El presente texto instala un campo de investigación bajo el expediente de la psicoestética;


ella tiene por objeto describir teóricamente los aspectos involucrados en el proceso sublimatorio;
dicho proceso ha lugar en la obra según el discurso psicoanalítico y plantea posibles lineamientos
en la búsqueda de una cura expresiva (salud psíquica). La psicoestética de la libido o proceso
sublimatorio creativo, se aboca al devenir pulsional que arrastra la libido en su paso hacia
una meta no sexuada, tomando para este fin un objeto de descarga (objeto estético) que es
valorado socialmente y que en el caso del arte constituye una prerrogativa del sujeto. Por
psicoestética, ha de entenderse por tanto, el transformismo de la energía sexual básica en pos
de una plasmación específica, implicando en este proceso un mecanismo sublimatorio
que conlleva efectos curativos inherentes al trabajo artístico.
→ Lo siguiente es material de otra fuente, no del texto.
Lemma comp_coefM f g n c : polyR R f -> polyR R g -> comp (f * g)`_n c =
  \sum_(k <- iota 0 n.+1) \sum_(a <- supp f`_k) \sum_(b <- supp g`_(n - k))
    (if c == a + b then comp f`_k a * comp g`_(n - k) b else 0).
Proof.
move=> Rf Rg'; rewrite coefM -(big_mkord xpredT (fun k => f`_k * g`_(n - k))) /index_iota subn0.
rewrite comp_sum => [|k]; last exact: (subringM R_subring (Rf k) (Rg' _)).
by apply: eq_bigr => k _; rewrite comp_mul.
Qed.

Lemma hcompP r x : R r -> hcomp Gam Rg r x <-> exists2 a, Gam a & x = comp r a.
Proof.
move=> Rr; split=> [[s [f [a [us sRg Er ai ->]]]]|[a Ga ->]].
  by exists a; [case: (sRg a ai) | rewrite (comp_decomp a (And3 us sRg Er)) ai].
have [us sRg Er] := decompP Rr.
have [ai|ai] := boolP (a \in supp r).
  by exists (supp r), (decomp r).2, a; rewrite /comp ai.
exists (a :: supp r), (fun b => if b == a then 0 else (decomp r).2 b), a; split.
- by rewrite /= ai us.
- move=> b; rewrite inE; case: eqP => [-> _|_ /= /sRg //]; split=> //; exact: (gd_comp0 gd Ga).
- rewrite big_cons eqxx add0r {1}Er; apply: eq_big_seq => b bi.
  by case: eqP => // ba; rewrite -ba bi in ai.
- exact: mem_head.
- by rewrite eqxx comp_out.
Qed.

Definition coef_comps (h : {poly K}) : seq K :=
  [seq comp h`_i a | i <- iota 0 (size h), a <- supp h`_i].
(* Let $M$ be the star matrix of a partition of the hypercube ${\bf Z}_q^n$ into subcubes all of the same dimension, and suppose $M$ contains a submatrix $T$ which is a transfractal. Then all rows of $M$ that pass through $T$ coincide in every column of $M$ not belonging to $T$; that is, for every column $s$ of $M$ not among the columns of $T$, all rows of $T$ have the same entry (the same element of ${\bf Z}_q\cup\{*\}$) in column $s$.
   Context: A subcube of ${\bf Z}_q^n$ is obtained by fixing some coordinates and letting the others run through ${\bf Z}_q$; its dimension is the number of free coordinates, and its star pattern is the vector over ${\bf Z}_q\cup\{*\}$ with the fixed values in fixed coordinates and $*$ in free ones. The star matrix of a partition of ${\bf Z}_q^n$ into subcubes is the matrix whose rows are the star patterns of the subcubes. Fractal matrices: $M_{q,0}$ has one row and zero columns; for $m\ge1$, $M_{q,m}$ consists of $q$ horizontal blocks indexed by $a=0,\dots,q-1$, each with $q^{m-1}$ rows; its first column has entry $a$ in every row of block $a$; its remaining columns are divided into $q$ vertical stripes of width equal to the number of columns of $M_{q,m-1}$, and in block $a$ the $a$-th stripe is a copy of $M_{q,m-1}$ while other stripes of block $a$ are all $*$. A fractal matrix is any matrix obtained from some $M_{q,m}$ ($m\ge1$) by permuting rows and columns. A submatrix $T$ of $M$ (given by a set of rows and a set of columns, not necessarily consecutive) is a transfractal if $T$ is a fractal matrix (with the same $q$) and each column of $M$ used by $T$ contains only $*$ in all rows of $M$ not used by $T$. *)

From mathcomp Require Import all_boot.
Set Implicit Arguments. Unset Strict Implicit. Unset Printing Implicit Defensive.

(* Entries of a star matrix: [Some a] is the element a of Z_q (represented
   as 'I_q), [None] is the star symbol. *)
Definition entry (q : nat) := option 'I_q.

Definition star_matrix (q n k : nat) := 'I_k -> 'I_n -> entry q.

Definition in_subcube (q n : nat) (p : 'I_n -> entry q) (x : 'I_n -> 'I_q) : Prop :=
  forall j, p j = None \/ p j = Some (x j).

Definition subcube_dim (q n : nat) (p : 'I_n -> entry q) : nat :=
  #|[set j | p j == None]|.

Definition is_partition_star_matrix (q n k : nat) (M : star_matrix q n k) : Prop :=
  forall x : 'I_n -> 'I_q,
    exists i, in_subcube (M i) x /\ forall i', in_subcube (M i') x -> i' = i.

Fixpoint fractal_cols (q m : nat) : nat :=
  match m with
  | 0 => 0
  | S m' => (q * fractal_cols q m').+1
  end.

(* Entries of M_{q,m}, rows indexed by r < q^m, columns by c < fractal_cols q m,
   numbered from 0; entries are option nat (None stands for the star). *)
Fixpoint fractal_entry (q m r c : nat) : option nat :=
  match m with
  | 0 => None
  | S m' =>
      let a := r %/ q ^ m' in
      if c == 0 then Some a
      else
        let c' := c.-1 in
        let w := fractal_cols q m' in
        if c' %/ w == a then fractal_entry q m' (r %% q ^ m') (c' %% w)
        else None
  end.

(* The submatrix of M with row set R and column set C is a fractal matrix:
   it is obtained from some M_{q,m}, m >= 1, by permuting rows and columns,
   i.e. there are bijections R -> [0, q^m) and C -> [0, fractal_cols q m)
   under which the entries agree. *)
Definition is_fractal_submatrix (q n k : nat) (M : star_matrix q n k)
    (R : {set 'I_k}) (C : {set 'I_n}) : Prop :=
  exists m, 1 <= m /\
  exists (f : 'I_k -> nat) (g : 'I_n -> nat),
    {in R &, injective f} /\
    (forall i, i \in R -> f i < q ^ m) /\
    (forall r, r < q ^ m -> exists2 i, i \in R & f i = r) /\
    {in C &, injective g} /\
    (forall j, j \in C -> g j < fractal_cols q m) /\
    (forall c, c < fractal_cols q m -> exists2 j, j \in C & g j = c) /\
    (forall i j, i \in R -> j \in C ->
       omap (@nat_of_ord q) (M i j) = fractal_entry q m (f i) (g j)).

Definition is_transfractal (q n k : nat) (M : star_matrix q n k)
    (R : {set 'I_k}) (C : {set 'I_n}) : Prop :=
  is_fractal_submatrix M R C /\
  (forall i j, i \notin R -> j \in C -> M i j = None).

(* Two distinct rows of a fractal matrix carry distinct fixed values in a
   common column, so distinct rows of T describe disjoint subcubes.  Hence if
   a point of one row of T has its T-coordinates overwritten by the fixed
   values of another row of T, the new point lies in that other row: a row
   outside T is all stars on the columns of T, so containing the new point it
   would also contain the old one.  Choosing the old point in row i1 with its
   coordinate at s, if free, different from the entry of row i2 at s forces
   row i1 to be fixed at s with the same value as row i2. *)

From mathcomp Require Import all_boot.
From mathcomp Require Import zify.

Set Implicit Arguments.
Unset Strict Implicit.
Unset Printing Implicit Defensive.

Definition clash (A : eqType) (u v : option A) : bool :=
  [&& u != None, v != None & u != v].

Lemma clash_Some (A : eqType) (a b : A) : clash (Some a) (Some b) = (a != b).
Proof. by rewrite /clash (inj_eq (@Some_inj _)). Qed.

Lemma clash_omap (A B : eqType) (h : A -> B) (u v : option A) :
  injective h -> clash (omap h u) (omap h v) = clash u v.
Proof.
move=> h_inj; case: u => [a|]; case: v => [b|] //=.
by rewrite !clash_Some inj_eq.
Qed.

Lemma fractal_rows_clash q m r1 r2 :
  r1 < q ^ m -> r2 < q ^ m -> r1 != r2 ->
  exists2 c, c < fractal_cols q m &
    clash (fractal_entry q m r1 c) (fractal_entry q m r2 c).
Proof.
elim: m r1 r2 => [|m IHm] r1 r2 r1_lt r2_lt r12.
  by rewrite expn0 in r1_lt r2_lt; lia.
have qm_gt0 : 0 < q ^ m by rewrite expnS in r1_lt; nia.
have [a12 | a12] := eqVneq (r1 %/ q ^ m) (r2 %/ q ^ m); last first.
  by exists 0 => //=; rewrite clash_Some.
have rem12 : r1 %% q ^ m != r2 %% q ^ m.
  apply: contra r12 => /eqP rem12.
  by rewrite (divn_eq r1 (q ^ m)) (divn_eq r2 (q ^ m)) a12 rem12.
have [c c_lt clash_c] := IHm _ _ (ltn_pmod _ qm_gt0) (ltn_pmod _ qm_gt0) rem12.
have a1_lt : r1 %/ q ^ m < q by rewrite ltn_divLR // -expnS.
exists (r1 %/ q ^ m * fractal_cols q m + c).+1; first by rewrite /=; nia.
have w_gt0 : 0 < fractal_cols q m by lia.
rewrite /= divnMDl // (divn_small c_lt) addn0.
by rewrite modnMDl (modn_small c_lt) -a12 eqxx.
Qed.

Lemma in_subcube_odflt q n (p : 'I_n -> entry q) (y : 'I_n -> 'I_q) :
  in_subcube p (fun j => odflt (y j) (p j)).
Proof. by move=> j; case: (p j) => [a|]; [right | left]. Qed.

Section Transfractal.

Variables (q n k : nat) (M : star_matrix q n k).
Variables (R : {set 'I_k}) (C : {set 'I_n}).
Hypothesis M_partition : is_partition_star_matrix M.
Hypothesis T_fractal : is_fractal_submatrix M R C.
Hypothesis T_stars : forall i j, i \notin R -> j \in C -> M i j = None.

Lemma partition_subcube_uniq i i' x :
  in_subcube (M i) x -> in_subcube (M i') x -> i = i'.
Proof.
move=> x_i x_i'; have [u [_ u_uniq]] := M_partition x.
by rewrite (u_uniq _ x_i) (u_uniq _ x_i').
Qed.

Lemma transfractal_rows_clash u v : u \in R -> v \in R -> u != v ->
  exists2 c, c \in C & clash (M u c) (M v c).
Proof.
have [m [_ [f [g [f_inj [f_lt [_ [_ [_ [g_onto entries]]]]]]]]]] := T_fractal.
move=> uR vR uv.
have fuv : f u != f v by apply: contra uv => /eqP /f_inj ->.
have [c c_lt clash_c] := fractal_rows_clash (f_lt _ uR) (f_lt _ vR) fuv.
have [j jC gj] := g_onto _ c_lt.
by exists j => //; rewrite -(clash_omap _ _ val_inj) !entries // gj.
Qed.

Lemma transfractal_regraft j1 j2 x : j1 \in R -> j2 \in R ->
  in_subcube (M j1) x ->
  in_subcube (M j2) (fun j => if j \in C then odflt (x j) (M j2 j) else x j).
Proof.
move=> j1R j2R x_j1; set x' := fun j => _.
have [u [x'_u _]] := M_partition x'.
have [uR | uNR] := boolP (u \in R).
  have [<- // | uj2] := eqVneq u j2.
  have [c cC] := transfractal_rows_clash uR j2R uj2.
  have x'_c : M j2 c != None -> M j2 c = Some (x' c).
    by rewrite /x' cC; case: (M j2 c).
  case: (x'_u c) => -> //.
  by case/and3P=> _ /x'_c ->; rewrite eqxx.
have x_u : in_subcube (M u) x.
  move=> j; have [jC | jNC] := boolP (j \in C); first by left; apply: T_stars.
  by have := x'_u j; rewrite /x' (negbTE jNC).
by move: uNR; rewrite (partition_subcube_uniq x_u x_j1) j1R.
Qed.

Lemma transfractal_fixed_entry s j1 j2 b b' : s \notin C ->
  j1 \in R -> j2 \in R -> M j2 s = Some b -> b' != b -> M j1 s = Some b.
Proof.
move=> sNC j1R j2R j2s b'b.
pose y j := if j == s then b' else b.
have := transfractal_regraft j1R j2R (in_subcube_odflt (M j1) y) s.
rewrite (negbTE sNC) j2s /y eqxx => -[// | [bs]].
by move: bs b'b; case: (M j1 s) => [a|] /= ->; rewrite ?eqxx.
Qed.

End Transfractal.

Theorem lemma4 (q n k : nat) (M : star_matrix q n k)
    (R : {set 'I_k}) (C : {set 'I_n}) :
  is_partition_star_matrix M ->
  (forall i i' : 'I_k, subcube_dim (M i) = subcube_dim (M i')) ->
  is_transfractal M R C ->
  forall s : 'I_n, s \notin C ->
  forall i1 i2 : 'I_k, i1 \in R -> i2 \in R -> M i1 s = M i2 s.
Proof.
move=> M_partition _ [T_fractal T_stars] s sNC i1 i2 i1R i2R.
have [-> // | i12] := eqVneq i1 i2.
have [c _ clash_c] := transfractal_rows_clash T_fractal i1R i2R i12.
have exists_other (b : 'I_q) : exists b', b' != b.
  case: (M i1 c) (M i2 c) clash_c => [a1|] // [a2|] //.
  rewrite clash_Some => a12.
  by have [<- | a1b] := eqVneq a1 b; [exists a2; rewrite eq_sym | exists a1].
have fixed := transfractal_fixed_entry M_partition T_fractal T_stars sNC.
case e2: (M i2 s) => [b|].
  by have [b' b'b] := exists_other b; apply: fixed e2 b'b.
case e1: (M i1 s) => [a|] //.
have [a' a'a] := exists_other a.
by rewrite (fixed _ _ _ _ i2R i1R e1 a'a) in e2.
Qed.
(* Let $p$ be an odd prime and $q\in\mathbb C_p$ with $|1-q|_p<p^{-1/(p-1)}$. For $k,n\in\mathbb Z_+$ with $n\ge k$, $$\int_{\mathbb Z_p}\frac{B_{k,n}(x,q)}{\binom nk}\,d\mu_{-1}(x)=\sum_{m=0}^\infty\sum_{l=0}^{n-k}\binom{l+m-1}{m}\binom{n-k}{l}(-1)^{l+m}q^l(q-1)^mE_{l+m+k,q}.$$
   Context: For $x\in\mathbb Z_p$, $[x]_q=\frac{1-q^x}{1-q}$. The modified $q$-Bernstein polynomials are $B_{k,n}(x,q)=\binom nk[x]_q^k[1-x]_q^{n-k}$ for $0\le k\le n$. The fermionic $p$-adic integral of a uniformly differentiable $f:\mathbb Z_p\to\mathbb C_p$ is $\int_{\mathbb Z_p}f(x)\,d\mu_{-1}(x)=\lim_{N\to\infty}\sum_{x=0}^{p^N-1}f(x)(-1)^x$. The $q$-Euler numbers are $E_{n,q}=\int_{\mathbb Z_p}[x]_q^n\,d\mu_{-1}(x)$. Binomial coefficients $\binom{a}{m}=\frac{a(a-1)\cdots(a-m+1)}{m!}$ are the generalized ones (so $\binom{-1}{0}=1$ and $\binom{m-1}{m}=0$ for $m\ge1$). *)

From HB Require Import structures.
From mathcomp Require Import all_boot all_order all_algebra.
From mathcomp Require Import reals exp.
Set Implicit Arguments. Unset Strict Implicit. Unset Printing Implicit Defensive.
Import Order.TTheory GRing.Theory Num.Theory.
Local Open Scope ring_scope.

Section Defs.
Variables (R : realType) (K : fieldType).

(* |.| : K -> R is a non-archimedean absolute value extending |.|_p *)
Definition nonarch_abs (p : nat) (absv : K -> R) : Prop :=
  [/\ forall x, 0 <= absv x,
      forall x, absv x = 0 -> x = 0,
      forall x y, absv (x * y) = absv x * absv y,
      forall x y, absv (x + y) <= Num.max (absv x) (absv y)
    & absv (p%:R) = (p%:R)^-1].

Definition cvg_to (absv : K -> R) (u : nat -> K) (l : K) : Prop :=
  forall eps : R, 0 < eps -> exists N : nat, forall n, (N <= n)%N -> absv (u n - l) < eps.

Definition cauchy_seq (absv : K -> R) (u : nat -> K) : Prop :=
  forall eps : R, 0 < eps -> exists N : nat,
    forall m n, (N <= m)%N -> (N <= n)%N -> absv (u m - u n) < eps.

Definition complete_abs (absv : K -> R) : Prop :=
  forall u, cauchy_seq absv u -> exists l, cvg_to absv u l.

(* [x]_q for integer x; at q = 1 the (limiting) convention [x]_1 = x *)
Definition qnum (q : K) (x : int) : K :=
  if q == 1 then x%:~R else (1 - q ^ x) / (1 - q).

Definition qBernstein (q : K) (k n : nat) (x : nat) : K :=
  ('C(n, k))%:R * qnum q x ^+ k * qnum q (1 - x%:Z) ^+ (n - k).

(* Riemann-type sums of the fermionic p-adic integral *)
Definition ferm_sum (p : nat) (f : nat -> K) (N : nat) : K :=
  \sum_(x < p ^ N) f x * (-1) ^+ x.

Definition is_ferm_integral (absv : K -> R) (p : nat) (f : nat -> K) (I : K) : Prop :=
  cvg_to absv (ferm_sum p f) I.

Definition gbinom (a : int) (m : nat) : K :=
  ratr ((\prod_(i < m) (a%:~R - (i : nat)%:R : rat)) / (m`!)%:R).

End Defs.

From HB Require Import structures.
From mathcomp Require Import all_boot all_order all_algebra.
From mathcomp Require Import reals exp.
From mathcomp Require Import ring lra zify.
From mathcomp Require boolp normedtype sequences.
Import Order.TTheory GRing.Theory Num.Theory normed_module.numFieldNormedType.Exports.
Set Implicit Arguments. Unset Strict Implicit. Unset Printing Implicit Defensive.
Local Open Scope ring_scope.

(* Put [z = (1 - q) [x]_q = 1 - q ^ x], so that [|z| <= |1 - q| < 1] and
   [[1 - x]_q = 1 - q [x]_q q ^ (- x)] with [q ^ (- x) = (1 - z) ^ (- 1)].
   Expanding [[1 - x]_q ^ (n - k)] binomially and each [(1 - z) ^ (- l)] as a
   negative binomial series, the M-th truncation of the double series agrees with
   [B_{k,n}(x,q) / binom(n, k)] up to [|1 - q| ^ M], uniformly in [x].  All the
   integrands are bounded by 1 and p-adically Lipschitz, since [|[p]_q| <= 1/p]
   when [|1 - q| ^ (p - 1) < 1/p]; for such functions the fermionic Riemann sums
   are Cauchy, hence the integrals exist, and the integral is bounded by the sup
   norm.  Integrating the uniform estimate gives the convergence of the series. *)

Lemma gbinom_nat (K : fieldType) (l m : nat) :
  gbinom K (l%:Z + m%:Z - 1) m = ('C((l + m).-1, m))%:R.
Proof.
rewrite /gbinom; case: l => [|l].
  case: m => [|m]; first by rewrite big_ord0 fact0 divr1 bin0; exact: (ratr_nat K 1).
  have -> : (0%:Z + m.+1%:Z - 1) = m%:Z by lia.
  by rewrite big_ord_recr /= bin_small // subrr mulr0 mul0r; exact: (ratr_nat K 0).
have -> : (l.+1%:Z + m%:Z - 1) = (l + m)%N%:Z by lia.
rewrite addSn /=.
have -> : \prod_(i < m) (((l + m)%N%:Z)%:~R - (i : nat)%:R : rat) = ((l + m) ^_ m)%:R.
  rewrite ffact_prod natr_prod; apply: eq_bigr => i _.
  by rewrite natrB // (leq_trans (ltnW (ltn_ord i))) ?leq_addl.
by rewrite -bin_ffact natrM mulfK ?ratr_nat // pnatr_eq0 -lt0n fact_gt0.
Qed.

Lemma sumr_sign (R : pzRingType) n : \sum_(j < n) (-1) ^+ j = (odd n)%:R :> R.
Proof.
elim: n => [|n ih]; first by rewrite big_ord0.
by rewrite big_ord_recr /= ih -signr_odd; case: (odd n); rewrite /= ?subrr ?add0r.
Qed.

Lemma big_ord_mul_split (V : nmodType) (F : nat -> V) a b :
  \sum_(x < a * b) F x = \sum_(j < b) \sum_(i < a) F (i + a * j)%N.
Proof.
elim: b => [|b ih]; first by rewrite muln0 !big_ord0.
rewrite mulnS addnC big_split_ord /= ih big_ord_recr /=; congr (_ + _).
by apply: eq_bigr => i _; rewrite addnC.
Qed.

Section QInteger.
Variable K : fieldType.
Implicit Type q : K.

Definition qnat q (x : nat) : K := \sum_(i < x) q ^+ i.

Lemma subr1X_qnat q x : 1 - q ^+ x = (1 - q) * qnat q x.
Proof. by rewrite /qnat -[LHS]opprB subrX1 -mulNr opprB. Qed.

Lemma qnatD q a b : qnat q (a + b) = qnat q a + q ^+ a * qnat q b.
Proof.
rewrite /qnat big_split_ord /= mulr_sumr; congr (_ + _).
by apply: eq_bigr => i _; rewrite exprD.
Qed.

Lemma qnatM q a b : qnat q (a * b) = qnat q a * qnat (q ^+ a) b.
Proof.
elim: b => [|b ih]; first by rewrite muln0 /qnat !big_ord0 mulr0.
rewrite mulnS addnC qnatD ih /qnat [in RHS]big_ord_recr /= mulrDr -exprM.
by congr (_ + _); rewrite mulrC.
Qed.

Lemma qnum_nat q (x : nat) : qnum q x = qnat q x.
Proof.
rewrite /qnum /qnat; case: eqP => [->|/eqP q1].
  by under eq_bigr do rewrite expr1n; rewrite sumr_const card_ord.
by rewrite -exprnP subr1X_qnat mulrC mulKf // subr_eq0 eq_sym.
Qed.

Lemma qnum_1subn q (x : nat) : q != 0 ->
  qnum q (1 - x%:Z) = 1 - q * (qnat q x / q ^+ x).
Proof.
move=> q0; rewrite /qnum; case: eqP => [->|/eqP q1].
  rewrite /qnat expr1n divr1 mul1r; under eq_bigr do rewrite expr1n.
  by rewrite sumr_const card_ord intrB.
have q1' : 1 - q != 0 by rewrite subr_eq0 eq_sym.
have qx0 : q ^+ x != 0 by rewrite expf_neq0.
rewrite expfzDr // expr1z -exprnN.
have -> : qnat q x = (1 - q ^+ x) / (1 - q) by rewrite subr1X_qnat [_ * qnat q x]mulrC mulfK.
by move: (q ^+ x) qx0 => X X0; field; rewrite q1' X0.
Qed.

(* The truncation at order [M] of the series of [(1 - z) ^- l]; its coefficients
   ['C((l + m).-1, m)] are binom(l+m-1, m), including the case [l = 0]. *)
Definition negbin_trunc (l M : nat) (z : K) : K :=
  \sum_(m < M) ('C((l + m).-1, m))%:R * z ^+ m.

Lemma mulr1B_negbin_truncS l M (z : K) : (1 - z) * negbin_trunc l.+1 M.+1 z =
  negbin_trunc l M.+1 z - ('C(l + M, M))%:R * z ^+ M.+1.
Proof.
elim: M => [|M ih].
  by rewrite /negbin_trunc !big_ord1 !addn0 /= !bin0 expr1 !mul1r mulr1.
rewrite /negbin_trunc big_ord_recr -/(negbin_trunc _ _ _) mulrDr ih.
rewrite [negbin_trunc l M.+2 z]/negbin_trunc big_ord_recr -/(negbin_trunc _ _ _) /=.
rewrite addnS /= binS natrD (exprS z M.+1).
by move: (negbin_trunc l M.+1 z) (z ^+ M.+1) ('C(l + M, M))%:R ('C(l + M, M.+1))%:R => *; ring.
Qed.

Definition bern_coef q (L l m : nat) : K :=
  gbinom K (l%:Z + m%:Z - 1) m * ('C(L, l))%:R * (-1) ^+ (l + m) * q ^+ l * (q - 1) ^+ m.

Lemma bern_coef_expansion q (w u : K) k L M :
  w ^+ k * (1 - q * (w * u)) ^+ L
    - \sum_(m < M) \sum_(l < L.+1) bern_coef q L l m * w ^+ (l + m + k)
  = w ^+ k * \sum_(l < L.+1) ('C(L, l))%:R * (- q * w) ^+ l
      * (u ^+ l - negbin_trunc l M ((1 - q) * w)).
Proof.
have -> : \sum_(m < M) \sum_(l < L.+1) bern_coef q L l m * w ^+ (l + m + k)
    = w ^+ k * \sum_(l < L.+1) ('C(L, l))%:R * (- q * w) ^+ l * negbin_trunc l M ((1 - q) * w).
  rewrite exchange_big mulr_sumr; apply: eq_bigr => l _.
  rewrite /negbin_trunc !mulr_sumr; apply: eq_bigr => m _.
  have -> : (- q * w) ^+ l = (-1) ^+ l * q ^+ l * w ^+ l by rewrite -!exprMn mulN1r.
  have -> : ((1 - q) * w) ^+ m = (-1) ^+ m * (q - 1) ^+ m * w ^+ m.
    by rewrite -!exprMn mulN1r opprB.
  rewrite /bern_coef gbinom_nat !exprD.
  by move: ((-1 : K) ^+ l) ((-1 : K) ^+ m) (q ^+ l) ((q - 1) ^+ m) (w ^+ l) (w ^+ m) => *; ring.
have -> : 1 - q * (w * u) = - q * w * u + 1 by ring.
rewrite exprD1n -mulrBr -sumrB; congr (_ * _); apply: eq_bigr => l _.
by rewrite exprMn mulrBr -mulr_natl mulrA.
Qed.

End QInteger.

Lemma exprn_lt_powR_inv (R : realType) (a t : R) (m : nat) : m != 0%N ->
  0 <= a -> 0 <= t -> t < powR a (- (m%:R)^-1) -> t ^+ m < a^-1.
Proof.
move=> m0 a0 t0 /(ltrXn2r m t0); rewrite m0 => /lt_le_trans; apply.
rewrite -powR_mulrn ?powR_ge0 // -powRrM mulNr mulVf ?pnatr_eq0 //.
by rewrite powR_inv1.
Qed.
En rigor, una de las vías posibles
que recorre la sublimación, es la creativa, aunque existan encarnaciones diversas. Se sabe
que todo proceso sublimatorio es constituyente del psiquismo a independencia de la forma
que pueda adoptar; el móvil de la significancia (representación-lenguaje-pensamiento) —por
citar un caso— estructura, con base a la sublimación, las manifestaciones psíquicas
concomitantes. De lo anterior, se desprende la pregunta por la consistencia de una sublimación
propiamente creativa, si posee efectos curativos distintos a otras formas de sublimación o si
prevalece a la posibilidad de establecer y mantener en el sujeto creador cierta dinámica de
goce no sintomático (creativo). Con este propósito parece ineludible el trabajo en torno a la
metapsicología de las pulsiones, la teoría dinámica de los mecanismos de defensa del yo, y
la comprensión de la Cosa (das Ding) que se verifica a posteriori. En tal perspectiva, la
problematización dirigida a los planteamientos desarrollados por Freud y Lacan, resulta
fundamental para acoplar el concepto de cura expresiva con el soporte psicoanalítico; tal
empeño, no obstante, ha de contrastarse con diversos aportes estético-filosóficos en orden a
constatar cierta insuficiencia que parece obturar la cuestión de lo sublime toda vez que se
conecta con el proceso creador y abre la posibilidad de convertirse en un precursor de la salud
psíquica; a tal efecto, puede consignarse el viejo estatuto moral del arte en una nueva escena
orientada por la temática referida al ideal del yo.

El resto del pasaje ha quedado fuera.